How much can a 3 yr old understand?

Ask:
Looking for advice/suggestions, my 3 yr old dd will not stop giving the baby (5 months old) small toys, food, etc. This has been an issue ever since the baby was born. I have tried explaining to dd in every way I can think of why the baby can't have hair clips and stuff. At first she would laugh at me when I would explain it to her like she thought I was kidding. Now she just looks blankly at me. I don't know if she understands but is doing it on purpose to get attention or if she truly doesn't understand. Am I expecting too much of her by thinking she should understand this concept?

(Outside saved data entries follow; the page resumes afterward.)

Lemma sat_DiaLe_steps m w a :
  sat R V w (DiaLe m a) <-> exists2 k, k <= m & exists2 v, steps k w v & sat R V v a.
Proof.
elim: m => [|m IH]; first by rewrite sat_DiaIter; split=> [wa|[[] // _]]; exists 0.
rewrite -/(Or _ _) sat_Or IH sat_DiaIter.
split=> [[[k km wk]|wk]|[k]]; first by exists k => //; apply: leqW.
  by exists m.+1.
by rewrite leq_eqVlt => /orP [/eqP ->|km] wk; [right|left; exists k].
Qed.

Section Pretransitive.
Variable m : nat.
Hypothesis pretrans : forall w a, sat R V w (Imp (DiaIter m.+1 a) (DiaLe m a)).

(* A walk longer than [m] is shortened by the pretransitivity axiom applied [m.+1]
   steps before its end. *)
Lemma sat_DiaLe w a : sat R V w (DiaLe m a) <-> exists2 v, reach w v & sat R V v a.
Proof.
split=> [/sat_DiaLe_steps [k _ [v wv va]]|[v [k wv] va]]; first by exists v => //; exists k.
elim/ltn_ind: k w v wv va => k IH w v wv va.
case: (leqP k m) => [km|mk]; first by apply/sat_DiaLe_steps; exists k => //; exists v.
have Ek : k = (k - m.+1) + m.+1 by rewrite subnK.
move: wv; rewrite Ek => /steps_add [u wu uv].
have /sat_DiaLe_steps [j jm [v' uv' v'a]] : sat R V u (DiaLe m a).
  by apply: pretrans; apply/sat_DiaIter; exists v.
apply: (IH (k - m.+1 + j) _ w v') => //; last by apply/steps_add; exists u.
by rewrite [X in _ < X]Ek ltn_add2l ltnS.
Qed.

Lemma sat_BoxLe w a : sat R V w (BoxLe m a) <-> forall v, reach w v -> sat R V v a.
Proof.
rewrite [sat _ _ _ (BoxLe _ _)]/= sat_DiaLe.
split=> [wa v wv|wa [v wv va]]; last exact/va/wa.
by apply: contrapT => va; apply: wa; exists v.
Qed.

End Pretransitive.
End Semantics.

Section Canonical.
Variables (n : nat) (L : form n -> Prop).
Hypothesis HL : normal L.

I keep clearing the house of any small objects that could be a danger but something always seems to come up. I cannot turn my back when they are in the same room.
Answer:

I honestly don't know...my sister has a three year old and I'm not sure she would understand that small items could hurt a baby if they swallowed them. I definately wouldn't punish her about it but I'd be firm and serious about taking stuff away and keep telling her you have to keep the baby safe or whatever. Maybe letting her play with toys with small items only when the baby is asleep and then you take it away and calmly explain we have to put ______ high up to keep the baby safe.

Good luck!
Answer:

I kind of know where you are coming from, but ds is eating solids now, so dd doesn't seem to understand that he can't eat all the same things she can.

What we do as far as the small toys go is tell her that she can only play with them in her room with her door closed (ds is also walking). DD is a little younger, so she really doesn't have access to much that would be a hazard, but I still keep her 3 & up toys in containers and keep them up high. She knows to ask me for them when she wants to play.

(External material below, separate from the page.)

(* Let $p=P\langle x\rangle\to_{\mathrm{ue}}P\langle v^{\alpha}\rangle=q$ with $P\in\mathcal{X}_{{\mathcal{U}},{\mathcal{A}}}$ and $P(x)=v$. Then there exist a program $r$ and a reduction sequence $d: q\to_{\mathrm{ue}}^{k}\to_{\mathrm{um}} r$ such that: (1) the evaluation context of each $\to_{\mathrm{ue}}$ step in $d$ is in $\mathcal{X}_{{\mathcal{U}},{\mathcal{A}}}$, and the one of the $\to_{\mathrm{um}}$ step is in $\mathcal{M}_{{\mathcal{U}},{\mathcal{A}}}$; (2) $k\geq 0$ is the number of rules (NA) in the derivation of $P\in\mathcal{X}_{{\mathcal{U}},{\mathcal{A}}}$.
   Context: Syntax. Terms $t,u,s ::= x\mid\lambda x.t\mid t\,u$; values $v ::= \lambda x.t$ (variables are not values); environments $E ::= \epsilon\mid E[x\leftarrow t]$; programs $p ::= (t,E)$; $x$ is bound in $E$ and $u$ in $(u,E[x\leftarrow t])$; up to $\alpha$; appended ES bind variables not in the domain of the program/context. Inert terms $i ::= x\mid i\,f$, fireballs $f ::= v\mid i$, non-variable inert terms $i^{+} ::= i\,f$. Contexts. Open term evaluation contexts $\mathcal{H} ::= \langle\cdot\rangle\mid\mathcal{H}\,t\mid i\,\mathcal{H}$; applicative term contexts $\mathcal{H}^{@} ::= \langle\cdot\rangle\,t\mid\mathcal{H}^{@}\,t\mid i\,\mathcal{H}^{@}$. Term contexts $C ::= \langle\cdot\rangle\mid C\,t\mid t\,C$; environment contexts $G ::= E[x\leftarrow C]\mid G[x\leftarrow u]$; program contexts $P ::= (C,E)\mid(t,G)$. Appending: $(t,E)@[x\leftarrow u]=(t,E[x\leftarrow u])$, $(C,E)@[x\leftarrow u]=(C,E[x\leftarrow u])$, $(t,G)@[x\leftarrow u]=(t,G[x\leftarrow u])$, and $(t,E)@[x\leftarrow C]:=(t,E[x\leftarrow C])$. Plugging: $(C,E)\langle(t,E')\rangle=(C\langle t\rangle,E'E)$; $(u,E[x\leftarrow C])\langle(t,E')\rangle=(u,E[x\leftarrow C\langle t\rangle]E')$; $(u,G[x\leftarrow s])\langle(t,E)\rangle=((u,G)\langle(t,E)\rangle)@[x\leftarrow s]$; $P\langle t\rangle:=P\langle(t,\epsilon)\rangle$. Look-up $P(x)=t$ if the ES list of $P$ contains $[x\leftarrow t]$ with $t$ a term, $\bot$ otherwise. $v^{\alpha}$: copy of $v$ with fresh bound variables. Variable sets. $an(\lambda x.t)=an(x)=\emptyset$; $an(tu)=\{x\}\cup an(u)$ if $t=x$ variable, else $an(t)\cup an(u)$; $an(\langle\cdot\rangle)=\emptyset$, $an(\mathcal{H}\,t)=an(\mathcal{H})$, $an(i\,\mathcal{H})=an(i)\cup an(\mathcal{H})$. $un(\lambda x.t)=\emptyset$, $un(x)=\{x\}$, $un(tu)=un(u)$ if $t$ variable, else $un(t)\cup un(u)$; $un(\langle\cdot\rangle)=\emptyset$, $un(\mathcal{H}\,t)=un(\mathcal{H})$, $un(i\,\mathcal{H})=un(i)\cup un(\mathcal{H})$. $\mathrm{upd}(S,x,y):=S$ if $x\notin S$, else $(S\setminus\{x\})\cup\{y\}$. Multiplicative contexts $P\in\mathcal{M}_{{\mathcal{U}},{\mathcal{A}}}$, inductively: (ax) $(\mathcal{H},\epsilon)\in\mathcal{M}_{un(\mathcal{H}),an(\mathcal{H})}$; (var) $P\in\mathcal{M}_{{\mathcal{U}},{\mathcal{A}}}$, $x\in{\mathcal{U}}\cup{\mathcal{A}}$ $\Rightarrow$ $P@[x\leftarrow y]\in\mathcal{M}_{\mathrm{upd}({\mathcal{U}},x,y),\mathrm{upd}({\mathcal{A}},x,y)}$; (gc) $x\notin{\mathcal{U}}\cup{\mathcal{A}}$ $\Rightarrow$ $P@[x\leftarrow t]\in\mathcal{M}_{{\mathcal{U}},{\mathcal{A}}}$; (I) $x\in{\mathcal{U}}\cup{\mathcal{A}}$ $\Rightarrow$ $P@[x\leftarrow i^{+}]\in\mathcal{M}_{({\mathcal{U}}\setminus\{x\})\cup un(i^{+}),({\mathcal{A}}\setminus\{x\})\cup an(i^{+})}$; (U) $x\in{\mathcal{U}}\setminus{\mathcal{A}}$ $\Rightarrow$ $P@[x\leftarrow v]\in\mathcal{M}_{{\mathcal{U}}\setminus\{x\},{\mathcal{A}}}$; (her) $x\notin{\mathcal{U}}\cup{\mathcal{A}}$ $\Rightarrow$ $P\langle x\rangle@[x\leftarrow\mathcal{H}]\in\mathcal{M}_{{\mathcal{U}}\cup un(\mathcal{H}),{\mathcal{A}}\cup an(\mathcal{H})}$ (each with premise $P\in\mathcal{M}_{{\mathcal{U}},{\mathcal{A}}}$). Exponential contexts $P\in\mathcal{X}_{{\mathcal{U}},{\mathcal{A}}}$, inductively: (ax1) $(\mathcal{H}^{@},\epsilon)\in\mathcal{X}_{un(\mathcal{H}^{@}),an(\mathcal{H}^{@})}$; (ax2) $P\in\mathcal{M}_{{\mathcal{U}},{\mathcal{A}}}$, $x\notin{\mathcal{U}}\cup{\mathcal{A}}$ $\Rightarrow$ $P\langle x\rangle@[x\leftarrow\mathcal{H}^{@}]\in\mathcal{X}_{({\mathcal{U}}\setminus\{x\})\cup un(\mathcal{H}^{@}),{\mathcal{A}}\cup an(\mathcal{H}^{@})}$; and, each with premise $P\in\mathcal{X}_{{\mathcal{U}},{\mathcal{A}}}$: (var) $x\in{\mathcal{U}}\cup{\mathcal{A}}$ $\Rightarrow$ $P@[x\leftarrow y]\in\mathcal{X}_{\mathrm{upd}({\mathcal{U}},x,y),\mathrm{upd}({\mathcal{A}},x,y)}$; (I) $x\in{\mathcal{U}}\cup{\mathcal{A}}$ $\Rightarrow$ $P@[x\leftarrow i^{+}]\in\mathcal{X}_{({\mathcal{U}}\setminus\{x\})\cup un(i^{+}),({\mathcal{A}}\setminus\{x\})\cup an(i^{+})}$; (gc) $x\notin{\mathcal{U}}\cup{\mathcal{A}}$ $\Rightarrow$ $P@[x\leftarrow t]\in\mathcal{X}_{{\mathcal{U}},{\mathcal{A}}}$; (U) $x\in{\mathcal{U}}\setminus{\mathcal{A}}$ $\Rightarrow$ $P@[x\leftarrow v]\in\mathcal{X}_{{\mathcal{U}}\setminus\{x\},{\mathcal{A}}}$; (NA) $x\notin{\mathcal{A}}$ $\Rightarrow$ $P\langle x\rangle@[x\leftarrow\langle\cdot\rangle]\in\mathcal{X}_{{\mathcal{U}}\setminus\{x\},{\mathcal{A}}}$. Useful Open CbNeed rules: $P\langle(\lambda x.t)u\rangle\to_{\mathrm{um}}P\langle(t,[x\leftarrow u])\rangle$ if $P\in\mathcal{M}_{{\mathcal{U}},{\mathcal{A}}}$ for some ${\mathcal{U}},{\mathcal{A}}$; $P\langle x\rangle\to_{\mathrm{ue}}P\langle v^{\alpha}\rangle$ if $P\in\mathcal{X}_{{\mathcal{U}},{\mathcal{A}}}$ for some ${\mathcal{U}},{\mathcal{A}}$ and $P(x)=v$. *)

From mathcomp Require Import all_boot.
From mathcomp Require Import finmap.
From Stdlib Require List.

I would think that she would be able to understand something simple like telling her that the only things that go into the baby's mouth are a paci and the bottle. Maybe try that as opposed to telling her what can't. And that the baby can only play with the baby toys.
Answer:

I have an easy fix...I hope! It worked with my own children. Give her a toilet paper roll (an empty one). Tell her that anything small enough to fit in it is too small to give to the baby! It was actually something our big brother/sister class told us when we were pregnant! It was SO easy for them to remember this way...and they had fun decorating or coloring the rolls...and if they got lost, well, around here there is ALWAYS a spare empty roll!! LOL
Answer:

Thank you all!

Blessed with 6 - I am going to do the toilet paper roll explanation the first thing in the morning! She really likes to be in control so I have high hopes this will work. Thank you.
Answer:

I'm not saying your child is doing what mine did, but at that age my ds was GREAT at playing, "dumb" when he knew perfectly well what I was talking about!!!
Answer:

Originally Posted by Stormy I'm not saying your child is doing what mine did, but at that age my ds was GREAT at playing, "dumb" when he knew perfectly well what I was talking about!!!
I was going to say the same thing.

My boys were 3 1/2 and 2 1/2 when Wyndser was born, and I had to teach them not to give things to her that were dangerous, too. I think they understand more than we tend to give them credit for. Personally, I would punish her for her actions. It may break your heart to do it, but it would crush you if something horrible happened to your baby.
Answer:

Originally Posted by blessed_with_6 I have an easy fix...I hope! It worked with my own children. Give her a toilet paper roll (an empty one). Tell her that anything small enough to fit in it is too small to give to the baby! It was actually something our big brother/sister class told us when we were pregnant! It was SO easy for them to remember this way...and they had fun decorating or coloring the rolls...and if they got lost, well, around here there is ALWAYS a spare empty roll!! LOL

What a great idea!!
Answer:

Yeah, I've been wondering about her "playing dumb" but just wanted to make sure that I'm not asking her to understand something she may not be capable of at her age. I dont want to punsh her for something that is not her fault. Today, I've explained the toilet paper tube and she's been playing with it and trying to put things into it and I've been also teaching her more how to play with the baby I think I haven't spent enough time doing that. I've also been trying to get her in a sibling class, she was too young while I was pregnant, maybe if a nurse explained it to her she might take it more seriously. But I can't get anyone at the hospital in charge of classes to return my calls or answer my e-mails. Maybe I'll ask the pediatrician to talk to her at our next appt.
Answer:

I think it depends on the kid. My daughter was 2 1/2 when her brother started eating food and was very aware of what was appropriate. In fact, she would come behind me and break food up smaller if she didn't feel I did a good enough job. She was constantly bugging me, even making me break things up like crackers. She was very worried he would choke. My son on the other hand, isn't three yet but I would totally amazed if he "got" choking and safety at that point.